- [Instructions to follow] Below are the entries. Transcribe exactly the lines from the one with "intros HR. unfold push." through the one with "L) : E (projT1 a) (projT1 b) ->", ends included, and leave out all others.

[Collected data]
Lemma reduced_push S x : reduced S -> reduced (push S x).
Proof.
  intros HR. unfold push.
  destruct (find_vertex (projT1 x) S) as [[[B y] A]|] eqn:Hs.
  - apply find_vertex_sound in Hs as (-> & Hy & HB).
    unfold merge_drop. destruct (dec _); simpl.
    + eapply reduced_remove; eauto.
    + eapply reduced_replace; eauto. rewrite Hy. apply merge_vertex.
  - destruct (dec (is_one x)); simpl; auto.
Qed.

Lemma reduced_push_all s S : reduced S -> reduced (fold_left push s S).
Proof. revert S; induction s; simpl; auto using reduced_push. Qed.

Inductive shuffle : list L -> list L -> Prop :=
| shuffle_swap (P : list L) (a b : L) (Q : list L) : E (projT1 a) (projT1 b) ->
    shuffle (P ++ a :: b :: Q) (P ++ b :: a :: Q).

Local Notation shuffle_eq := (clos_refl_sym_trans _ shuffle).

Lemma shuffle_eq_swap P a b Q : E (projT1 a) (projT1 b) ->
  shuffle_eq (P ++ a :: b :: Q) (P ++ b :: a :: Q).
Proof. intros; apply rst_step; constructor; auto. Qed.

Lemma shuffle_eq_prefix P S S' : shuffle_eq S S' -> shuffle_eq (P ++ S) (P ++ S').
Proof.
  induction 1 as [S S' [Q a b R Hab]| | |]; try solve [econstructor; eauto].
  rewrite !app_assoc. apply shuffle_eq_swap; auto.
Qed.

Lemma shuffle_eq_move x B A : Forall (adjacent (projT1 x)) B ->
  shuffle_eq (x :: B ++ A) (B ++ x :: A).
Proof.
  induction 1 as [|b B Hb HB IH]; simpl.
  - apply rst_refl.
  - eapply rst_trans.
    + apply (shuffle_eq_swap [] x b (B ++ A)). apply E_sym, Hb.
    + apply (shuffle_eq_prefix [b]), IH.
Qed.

- [Exercise response]
  intros HR. unfold push.
  destruct (find_vertex (projT1 x) S) as [[[B y] A]|] eqn:Hs.
  - apply find_vertex_sound in Hs as (-> & Hy & HB).
    unfold merge_drop. destruct (dec _); simpl.
    + eapply reduced_remove; eauto.
    + eapply reduced_replace; eauto. rewrite Hy. apply merge_vertex.
  - destruct (dec (is_one x)); simpl; auto.
Qed.

Lemma reduced_push_all s S : reduced S -> reduced (fold_left push s S).
Proof. revert S; induction s; simpl; auto using reduced_push. Qed.

Inductive shuffle : list L -> list L -> Prop :=
| shuffle_swap (P : list L) (a b : L) (Q : list L) : E (projT1 a) (projT1 b) ->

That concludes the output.